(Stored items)
↓↓↓

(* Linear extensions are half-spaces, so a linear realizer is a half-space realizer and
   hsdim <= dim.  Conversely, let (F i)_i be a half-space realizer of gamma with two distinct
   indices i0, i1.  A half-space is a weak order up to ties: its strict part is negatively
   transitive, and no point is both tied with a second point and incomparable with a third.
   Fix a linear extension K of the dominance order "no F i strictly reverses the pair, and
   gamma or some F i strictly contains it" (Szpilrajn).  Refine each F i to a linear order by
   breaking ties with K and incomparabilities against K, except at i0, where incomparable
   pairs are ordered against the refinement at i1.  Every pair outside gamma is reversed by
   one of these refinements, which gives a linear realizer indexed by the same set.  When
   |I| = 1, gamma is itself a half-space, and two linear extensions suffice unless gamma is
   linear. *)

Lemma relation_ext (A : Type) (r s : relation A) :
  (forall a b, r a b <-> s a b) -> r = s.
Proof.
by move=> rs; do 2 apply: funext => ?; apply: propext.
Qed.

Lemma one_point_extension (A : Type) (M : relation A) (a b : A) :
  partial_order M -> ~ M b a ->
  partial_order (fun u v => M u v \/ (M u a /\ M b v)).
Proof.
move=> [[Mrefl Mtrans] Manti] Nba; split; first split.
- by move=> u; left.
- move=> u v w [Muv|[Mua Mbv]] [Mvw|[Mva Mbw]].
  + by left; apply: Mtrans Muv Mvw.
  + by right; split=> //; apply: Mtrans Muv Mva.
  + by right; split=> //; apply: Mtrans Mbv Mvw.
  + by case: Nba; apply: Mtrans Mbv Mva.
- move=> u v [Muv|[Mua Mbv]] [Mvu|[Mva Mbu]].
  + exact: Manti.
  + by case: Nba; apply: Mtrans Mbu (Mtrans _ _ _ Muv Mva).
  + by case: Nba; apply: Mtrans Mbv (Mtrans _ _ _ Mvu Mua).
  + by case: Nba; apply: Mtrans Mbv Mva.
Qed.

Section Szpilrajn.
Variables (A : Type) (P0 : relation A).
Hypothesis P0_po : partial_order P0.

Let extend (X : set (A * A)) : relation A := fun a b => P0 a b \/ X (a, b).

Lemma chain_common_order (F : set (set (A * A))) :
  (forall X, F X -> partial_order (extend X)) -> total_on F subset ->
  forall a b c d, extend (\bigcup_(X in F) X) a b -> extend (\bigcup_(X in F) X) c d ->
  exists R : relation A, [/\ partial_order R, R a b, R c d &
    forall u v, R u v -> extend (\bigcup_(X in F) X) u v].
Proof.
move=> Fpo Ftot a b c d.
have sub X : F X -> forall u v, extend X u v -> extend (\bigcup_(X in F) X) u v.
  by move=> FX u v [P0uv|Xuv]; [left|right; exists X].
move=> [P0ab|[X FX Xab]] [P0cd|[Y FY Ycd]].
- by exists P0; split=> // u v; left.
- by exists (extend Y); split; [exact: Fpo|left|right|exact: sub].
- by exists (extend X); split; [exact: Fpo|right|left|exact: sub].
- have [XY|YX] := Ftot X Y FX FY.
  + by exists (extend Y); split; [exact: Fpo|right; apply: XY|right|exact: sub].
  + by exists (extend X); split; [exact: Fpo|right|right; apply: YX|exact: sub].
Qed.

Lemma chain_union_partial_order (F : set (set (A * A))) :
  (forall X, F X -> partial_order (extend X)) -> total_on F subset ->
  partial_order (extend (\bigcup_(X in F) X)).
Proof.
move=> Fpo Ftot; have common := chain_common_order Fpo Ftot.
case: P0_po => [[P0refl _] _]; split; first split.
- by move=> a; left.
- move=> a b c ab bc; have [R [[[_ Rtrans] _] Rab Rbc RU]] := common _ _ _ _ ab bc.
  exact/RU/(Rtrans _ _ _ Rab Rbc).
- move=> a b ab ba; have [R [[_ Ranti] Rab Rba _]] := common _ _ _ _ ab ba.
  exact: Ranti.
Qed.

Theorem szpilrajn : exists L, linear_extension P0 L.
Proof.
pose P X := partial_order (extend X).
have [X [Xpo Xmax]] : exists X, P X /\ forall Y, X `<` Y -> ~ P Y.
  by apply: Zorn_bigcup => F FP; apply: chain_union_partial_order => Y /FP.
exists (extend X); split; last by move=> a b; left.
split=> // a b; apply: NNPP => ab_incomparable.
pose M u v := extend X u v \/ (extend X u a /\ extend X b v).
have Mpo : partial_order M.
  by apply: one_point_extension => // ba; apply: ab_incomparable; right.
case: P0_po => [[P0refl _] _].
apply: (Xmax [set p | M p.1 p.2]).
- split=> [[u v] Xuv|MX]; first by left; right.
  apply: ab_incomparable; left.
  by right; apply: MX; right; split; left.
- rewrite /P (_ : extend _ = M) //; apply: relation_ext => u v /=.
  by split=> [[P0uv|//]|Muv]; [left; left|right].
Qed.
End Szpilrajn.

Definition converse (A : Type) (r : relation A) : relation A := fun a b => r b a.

↑↑↑
↓↓↓

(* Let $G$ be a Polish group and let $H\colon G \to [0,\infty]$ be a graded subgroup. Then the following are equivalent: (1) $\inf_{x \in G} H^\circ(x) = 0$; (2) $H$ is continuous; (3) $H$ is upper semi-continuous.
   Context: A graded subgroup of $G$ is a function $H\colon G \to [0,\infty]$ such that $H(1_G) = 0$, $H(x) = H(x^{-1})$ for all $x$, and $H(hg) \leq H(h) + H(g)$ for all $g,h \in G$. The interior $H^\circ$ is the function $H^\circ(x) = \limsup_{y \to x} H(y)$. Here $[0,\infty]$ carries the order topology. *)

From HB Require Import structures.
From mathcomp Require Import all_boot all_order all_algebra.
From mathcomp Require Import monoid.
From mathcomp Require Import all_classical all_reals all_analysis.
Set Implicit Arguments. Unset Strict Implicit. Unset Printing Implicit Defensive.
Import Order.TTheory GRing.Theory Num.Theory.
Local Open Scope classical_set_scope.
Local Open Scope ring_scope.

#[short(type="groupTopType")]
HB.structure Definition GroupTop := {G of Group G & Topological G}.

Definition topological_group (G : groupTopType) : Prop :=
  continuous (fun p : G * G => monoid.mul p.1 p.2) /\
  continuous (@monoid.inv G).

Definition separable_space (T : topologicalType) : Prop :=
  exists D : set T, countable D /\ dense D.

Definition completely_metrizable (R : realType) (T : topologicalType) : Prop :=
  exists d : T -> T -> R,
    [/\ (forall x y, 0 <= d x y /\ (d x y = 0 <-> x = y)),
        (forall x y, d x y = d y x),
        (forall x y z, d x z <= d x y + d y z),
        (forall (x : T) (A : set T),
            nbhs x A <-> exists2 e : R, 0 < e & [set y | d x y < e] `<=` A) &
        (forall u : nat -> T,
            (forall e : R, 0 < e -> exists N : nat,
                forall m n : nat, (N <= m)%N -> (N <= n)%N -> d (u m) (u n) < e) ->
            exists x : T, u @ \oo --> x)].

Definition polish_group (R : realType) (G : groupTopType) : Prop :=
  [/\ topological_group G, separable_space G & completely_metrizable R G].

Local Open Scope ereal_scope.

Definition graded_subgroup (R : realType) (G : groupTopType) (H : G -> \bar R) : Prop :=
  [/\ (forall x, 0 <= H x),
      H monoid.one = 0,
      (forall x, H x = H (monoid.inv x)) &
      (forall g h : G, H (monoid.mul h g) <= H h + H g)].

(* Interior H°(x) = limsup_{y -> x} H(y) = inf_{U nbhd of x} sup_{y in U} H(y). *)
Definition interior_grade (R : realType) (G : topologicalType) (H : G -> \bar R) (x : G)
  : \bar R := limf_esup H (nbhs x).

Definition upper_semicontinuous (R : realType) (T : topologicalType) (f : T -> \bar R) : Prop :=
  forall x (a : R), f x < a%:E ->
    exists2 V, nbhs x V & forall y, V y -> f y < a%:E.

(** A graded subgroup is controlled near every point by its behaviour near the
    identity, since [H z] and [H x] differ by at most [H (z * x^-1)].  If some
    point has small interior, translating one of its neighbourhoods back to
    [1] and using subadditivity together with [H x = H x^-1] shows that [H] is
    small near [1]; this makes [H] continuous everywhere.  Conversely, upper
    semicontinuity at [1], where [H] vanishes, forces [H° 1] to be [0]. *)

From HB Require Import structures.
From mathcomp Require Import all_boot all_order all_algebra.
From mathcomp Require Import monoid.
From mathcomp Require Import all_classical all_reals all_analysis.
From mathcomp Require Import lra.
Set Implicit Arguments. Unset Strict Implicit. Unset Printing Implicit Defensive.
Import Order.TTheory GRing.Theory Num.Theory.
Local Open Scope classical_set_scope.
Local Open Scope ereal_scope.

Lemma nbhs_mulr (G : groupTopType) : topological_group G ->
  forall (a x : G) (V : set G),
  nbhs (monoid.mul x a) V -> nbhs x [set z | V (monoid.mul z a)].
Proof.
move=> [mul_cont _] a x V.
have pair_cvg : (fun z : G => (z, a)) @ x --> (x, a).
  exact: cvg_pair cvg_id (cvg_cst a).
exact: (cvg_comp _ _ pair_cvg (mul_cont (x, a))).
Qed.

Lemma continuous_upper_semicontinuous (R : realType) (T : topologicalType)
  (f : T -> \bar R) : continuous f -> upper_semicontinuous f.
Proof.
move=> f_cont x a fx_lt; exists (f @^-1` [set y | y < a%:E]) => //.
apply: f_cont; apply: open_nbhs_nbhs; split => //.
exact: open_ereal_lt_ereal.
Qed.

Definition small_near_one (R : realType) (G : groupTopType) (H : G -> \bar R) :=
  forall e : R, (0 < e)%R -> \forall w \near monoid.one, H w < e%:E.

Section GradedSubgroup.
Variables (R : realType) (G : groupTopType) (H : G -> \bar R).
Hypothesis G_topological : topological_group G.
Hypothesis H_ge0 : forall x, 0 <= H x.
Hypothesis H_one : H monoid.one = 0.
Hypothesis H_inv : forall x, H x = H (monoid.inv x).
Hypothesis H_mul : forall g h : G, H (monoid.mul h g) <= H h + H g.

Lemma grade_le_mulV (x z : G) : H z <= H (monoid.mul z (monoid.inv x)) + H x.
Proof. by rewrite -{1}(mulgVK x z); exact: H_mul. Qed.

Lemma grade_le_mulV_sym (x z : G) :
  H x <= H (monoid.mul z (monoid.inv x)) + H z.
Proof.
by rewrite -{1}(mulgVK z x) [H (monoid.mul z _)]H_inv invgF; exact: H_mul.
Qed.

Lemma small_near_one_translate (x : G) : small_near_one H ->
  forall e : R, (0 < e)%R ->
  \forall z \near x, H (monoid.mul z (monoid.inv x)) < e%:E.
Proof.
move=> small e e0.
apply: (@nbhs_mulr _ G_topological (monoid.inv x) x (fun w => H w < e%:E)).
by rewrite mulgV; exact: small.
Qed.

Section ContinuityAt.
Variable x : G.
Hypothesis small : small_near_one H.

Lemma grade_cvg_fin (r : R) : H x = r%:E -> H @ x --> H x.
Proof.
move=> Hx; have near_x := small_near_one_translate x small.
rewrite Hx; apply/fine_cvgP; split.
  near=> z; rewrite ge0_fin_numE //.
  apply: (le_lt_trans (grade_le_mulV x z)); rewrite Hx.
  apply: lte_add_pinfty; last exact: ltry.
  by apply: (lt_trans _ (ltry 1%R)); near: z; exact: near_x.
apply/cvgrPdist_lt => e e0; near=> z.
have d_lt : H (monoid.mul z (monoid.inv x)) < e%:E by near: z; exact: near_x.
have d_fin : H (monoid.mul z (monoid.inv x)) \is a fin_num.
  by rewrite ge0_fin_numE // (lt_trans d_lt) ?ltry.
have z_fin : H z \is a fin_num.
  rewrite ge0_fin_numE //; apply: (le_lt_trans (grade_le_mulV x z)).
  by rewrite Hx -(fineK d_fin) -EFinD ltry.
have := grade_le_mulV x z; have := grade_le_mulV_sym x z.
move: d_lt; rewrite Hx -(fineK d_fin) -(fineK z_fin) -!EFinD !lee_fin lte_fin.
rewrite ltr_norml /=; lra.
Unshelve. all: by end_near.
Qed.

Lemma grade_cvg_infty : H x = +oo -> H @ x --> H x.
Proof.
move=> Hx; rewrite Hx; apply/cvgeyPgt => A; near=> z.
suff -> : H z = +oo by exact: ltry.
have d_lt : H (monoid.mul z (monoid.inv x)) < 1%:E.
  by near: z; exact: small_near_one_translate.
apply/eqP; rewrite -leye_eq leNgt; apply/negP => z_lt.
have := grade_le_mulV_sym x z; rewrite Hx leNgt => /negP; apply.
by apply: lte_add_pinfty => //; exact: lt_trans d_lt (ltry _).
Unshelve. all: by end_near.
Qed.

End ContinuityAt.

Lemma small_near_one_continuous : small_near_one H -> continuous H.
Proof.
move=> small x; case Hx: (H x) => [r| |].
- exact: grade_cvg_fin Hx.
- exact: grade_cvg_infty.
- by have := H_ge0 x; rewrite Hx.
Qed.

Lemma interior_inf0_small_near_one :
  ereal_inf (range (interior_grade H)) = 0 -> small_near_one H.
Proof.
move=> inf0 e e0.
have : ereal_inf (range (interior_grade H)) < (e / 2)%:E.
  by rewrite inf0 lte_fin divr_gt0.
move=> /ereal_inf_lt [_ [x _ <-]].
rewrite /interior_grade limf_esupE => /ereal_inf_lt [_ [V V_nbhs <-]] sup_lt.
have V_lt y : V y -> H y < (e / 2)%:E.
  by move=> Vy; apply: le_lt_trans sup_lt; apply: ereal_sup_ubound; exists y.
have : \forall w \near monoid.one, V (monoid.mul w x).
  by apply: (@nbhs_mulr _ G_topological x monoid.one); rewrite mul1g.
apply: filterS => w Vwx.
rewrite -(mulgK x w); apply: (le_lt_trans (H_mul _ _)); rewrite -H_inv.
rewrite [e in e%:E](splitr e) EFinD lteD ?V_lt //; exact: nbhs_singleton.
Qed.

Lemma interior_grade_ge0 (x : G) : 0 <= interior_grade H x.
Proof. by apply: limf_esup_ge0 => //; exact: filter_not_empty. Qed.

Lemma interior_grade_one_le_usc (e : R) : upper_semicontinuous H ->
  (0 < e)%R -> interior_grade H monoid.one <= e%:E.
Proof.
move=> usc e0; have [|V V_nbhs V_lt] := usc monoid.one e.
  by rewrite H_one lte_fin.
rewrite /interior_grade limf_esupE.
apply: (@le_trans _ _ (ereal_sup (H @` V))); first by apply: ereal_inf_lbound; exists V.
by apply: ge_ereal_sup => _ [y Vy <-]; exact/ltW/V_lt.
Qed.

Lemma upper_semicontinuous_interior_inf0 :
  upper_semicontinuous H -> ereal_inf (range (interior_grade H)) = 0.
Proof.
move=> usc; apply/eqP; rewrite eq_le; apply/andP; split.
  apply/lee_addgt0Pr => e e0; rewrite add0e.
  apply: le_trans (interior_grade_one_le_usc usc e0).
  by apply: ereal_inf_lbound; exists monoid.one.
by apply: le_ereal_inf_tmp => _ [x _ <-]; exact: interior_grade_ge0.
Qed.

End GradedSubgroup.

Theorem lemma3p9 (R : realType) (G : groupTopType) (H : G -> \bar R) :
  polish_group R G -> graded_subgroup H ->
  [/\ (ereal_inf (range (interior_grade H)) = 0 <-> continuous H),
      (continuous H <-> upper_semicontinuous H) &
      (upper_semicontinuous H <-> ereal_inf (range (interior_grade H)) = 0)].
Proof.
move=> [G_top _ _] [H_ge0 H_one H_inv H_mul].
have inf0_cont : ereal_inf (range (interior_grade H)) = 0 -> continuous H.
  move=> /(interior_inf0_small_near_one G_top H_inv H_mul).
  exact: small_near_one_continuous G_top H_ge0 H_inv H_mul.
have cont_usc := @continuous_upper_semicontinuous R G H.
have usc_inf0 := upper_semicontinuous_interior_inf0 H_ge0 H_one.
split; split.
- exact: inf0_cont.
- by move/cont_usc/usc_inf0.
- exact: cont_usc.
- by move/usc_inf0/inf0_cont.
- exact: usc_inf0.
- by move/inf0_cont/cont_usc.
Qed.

↑↑↑
↓↓↓

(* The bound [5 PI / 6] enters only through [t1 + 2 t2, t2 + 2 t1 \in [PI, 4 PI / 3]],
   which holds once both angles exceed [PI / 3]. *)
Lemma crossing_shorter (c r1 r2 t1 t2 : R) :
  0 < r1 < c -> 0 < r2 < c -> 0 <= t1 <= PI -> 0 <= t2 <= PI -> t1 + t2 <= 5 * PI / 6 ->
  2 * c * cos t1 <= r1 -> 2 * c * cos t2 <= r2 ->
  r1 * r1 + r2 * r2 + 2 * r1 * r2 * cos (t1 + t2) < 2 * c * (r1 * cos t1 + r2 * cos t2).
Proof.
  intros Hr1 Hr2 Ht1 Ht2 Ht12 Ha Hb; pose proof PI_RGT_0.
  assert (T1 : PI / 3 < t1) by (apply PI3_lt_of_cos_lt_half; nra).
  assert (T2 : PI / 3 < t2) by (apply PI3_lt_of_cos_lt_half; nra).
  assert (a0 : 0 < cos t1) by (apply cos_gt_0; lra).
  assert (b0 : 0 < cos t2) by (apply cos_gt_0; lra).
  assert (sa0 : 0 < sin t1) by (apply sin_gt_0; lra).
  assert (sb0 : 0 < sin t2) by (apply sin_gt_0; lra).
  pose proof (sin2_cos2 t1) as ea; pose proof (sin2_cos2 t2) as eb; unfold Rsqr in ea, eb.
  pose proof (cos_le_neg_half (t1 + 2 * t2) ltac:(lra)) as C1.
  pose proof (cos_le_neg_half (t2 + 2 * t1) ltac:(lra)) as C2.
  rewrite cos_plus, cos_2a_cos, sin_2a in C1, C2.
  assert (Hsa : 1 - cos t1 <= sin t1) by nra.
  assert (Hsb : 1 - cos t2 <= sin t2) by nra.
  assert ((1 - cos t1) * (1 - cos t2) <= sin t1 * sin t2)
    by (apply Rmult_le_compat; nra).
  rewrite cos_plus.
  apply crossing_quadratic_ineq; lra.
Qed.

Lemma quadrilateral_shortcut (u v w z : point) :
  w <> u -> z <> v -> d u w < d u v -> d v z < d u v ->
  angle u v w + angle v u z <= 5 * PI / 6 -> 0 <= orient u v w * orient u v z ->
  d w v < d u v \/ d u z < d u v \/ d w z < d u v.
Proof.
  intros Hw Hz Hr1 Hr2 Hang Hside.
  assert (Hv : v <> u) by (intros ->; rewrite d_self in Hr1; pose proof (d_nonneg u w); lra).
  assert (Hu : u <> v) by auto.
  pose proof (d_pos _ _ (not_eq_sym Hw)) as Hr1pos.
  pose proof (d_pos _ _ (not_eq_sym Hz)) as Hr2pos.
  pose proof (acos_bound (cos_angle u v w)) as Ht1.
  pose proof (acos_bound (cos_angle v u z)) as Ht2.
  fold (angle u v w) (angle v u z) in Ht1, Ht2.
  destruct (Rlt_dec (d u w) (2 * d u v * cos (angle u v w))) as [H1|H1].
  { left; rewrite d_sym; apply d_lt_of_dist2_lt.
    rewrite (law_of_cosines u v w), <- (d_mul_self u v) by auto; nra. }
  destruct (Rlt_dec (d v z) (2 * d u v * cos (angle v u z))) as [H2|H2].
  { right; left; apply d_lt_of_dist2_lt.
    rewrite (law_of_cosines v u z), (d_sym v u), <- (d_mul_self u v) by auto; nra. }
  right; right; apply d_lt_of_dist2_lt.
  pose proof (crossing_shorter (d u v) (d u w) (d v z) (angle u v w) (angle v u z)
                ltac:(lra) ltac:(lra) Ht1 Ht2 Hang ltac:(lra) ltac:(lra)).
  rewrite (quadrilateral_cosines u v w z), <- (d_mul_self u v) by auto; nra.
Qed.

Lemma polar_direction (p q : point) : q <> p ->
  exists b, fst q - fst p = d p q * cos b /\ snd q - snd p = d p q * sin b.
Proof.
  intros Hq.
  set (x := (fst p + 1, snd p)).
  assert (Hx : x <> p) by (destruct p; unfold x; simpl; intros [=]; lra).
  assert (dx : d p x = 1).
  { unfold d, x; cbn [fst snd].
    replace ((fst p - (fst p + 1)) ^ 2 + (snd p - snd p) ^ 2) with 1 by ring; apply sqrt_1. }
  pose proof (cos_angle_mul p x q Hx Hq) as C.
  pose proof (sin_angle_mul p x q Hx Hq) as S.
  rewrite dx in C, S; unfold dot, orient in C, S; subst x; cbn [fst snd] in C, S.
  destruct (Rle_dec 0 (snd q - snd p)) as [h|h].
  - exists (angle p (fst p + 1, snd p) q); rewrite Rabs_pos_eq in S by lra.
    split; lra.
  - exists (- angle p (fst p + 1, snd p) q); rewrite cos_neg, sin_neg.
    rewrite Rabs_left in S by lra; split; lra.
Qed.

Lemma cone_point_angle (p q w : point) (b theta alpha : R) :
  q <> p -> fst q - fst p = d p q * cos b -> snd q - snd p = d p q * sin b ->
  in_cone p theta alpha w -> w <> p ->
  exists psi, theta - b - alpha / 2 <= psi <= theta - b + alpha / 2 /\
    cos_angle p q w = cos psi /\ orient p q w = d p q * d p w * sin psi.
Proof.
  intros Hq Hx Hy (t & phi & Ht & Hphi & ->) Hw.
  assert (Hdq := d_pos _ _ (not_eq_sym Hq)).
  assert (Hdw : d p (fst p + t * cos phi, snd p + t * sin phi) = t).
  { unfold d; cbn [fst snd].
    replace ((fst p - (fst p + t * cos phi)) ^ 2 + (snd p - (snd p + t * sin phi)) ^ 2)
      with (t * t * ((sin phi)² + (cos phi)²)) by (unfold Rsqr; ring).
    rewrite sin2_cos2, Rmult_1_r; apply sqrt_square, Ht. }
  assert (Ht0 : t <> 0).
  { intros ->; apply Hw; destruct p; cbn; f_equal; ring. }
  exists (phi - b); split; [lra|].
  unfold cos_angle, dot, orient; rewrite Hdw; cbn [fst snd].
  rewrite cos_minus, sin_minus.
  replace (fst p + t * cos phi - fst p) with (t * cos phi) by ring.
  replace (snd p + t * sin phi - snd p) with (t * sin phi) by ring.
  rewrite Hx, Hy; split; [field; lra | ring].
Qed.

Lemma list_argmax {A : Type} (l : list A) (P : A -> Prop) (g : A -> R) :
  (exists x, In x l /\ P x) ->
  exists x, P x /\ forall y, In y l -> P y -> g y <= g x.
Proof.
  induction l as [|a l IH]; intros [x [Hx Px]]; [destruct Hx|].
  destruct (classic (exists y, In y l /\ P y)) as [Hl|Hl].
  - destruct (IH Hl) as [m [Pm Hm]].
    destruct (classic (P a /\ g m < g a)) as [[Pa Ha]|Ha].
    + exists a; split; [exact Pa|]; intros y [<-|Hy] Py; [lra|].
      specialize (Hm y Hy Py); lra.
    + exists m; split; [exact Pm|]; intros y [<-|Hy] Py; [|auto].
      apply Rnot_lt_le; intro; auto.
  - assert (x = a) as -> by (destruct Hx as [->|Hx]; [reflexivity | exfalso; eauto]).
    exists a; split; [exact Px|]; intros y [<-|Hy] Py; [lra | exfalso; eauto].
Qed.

↑↑↑

> **Exercise**
For every line in the entries above that contains "Variables", add one to a count, and give that number by itself.

> **Output for this task**
2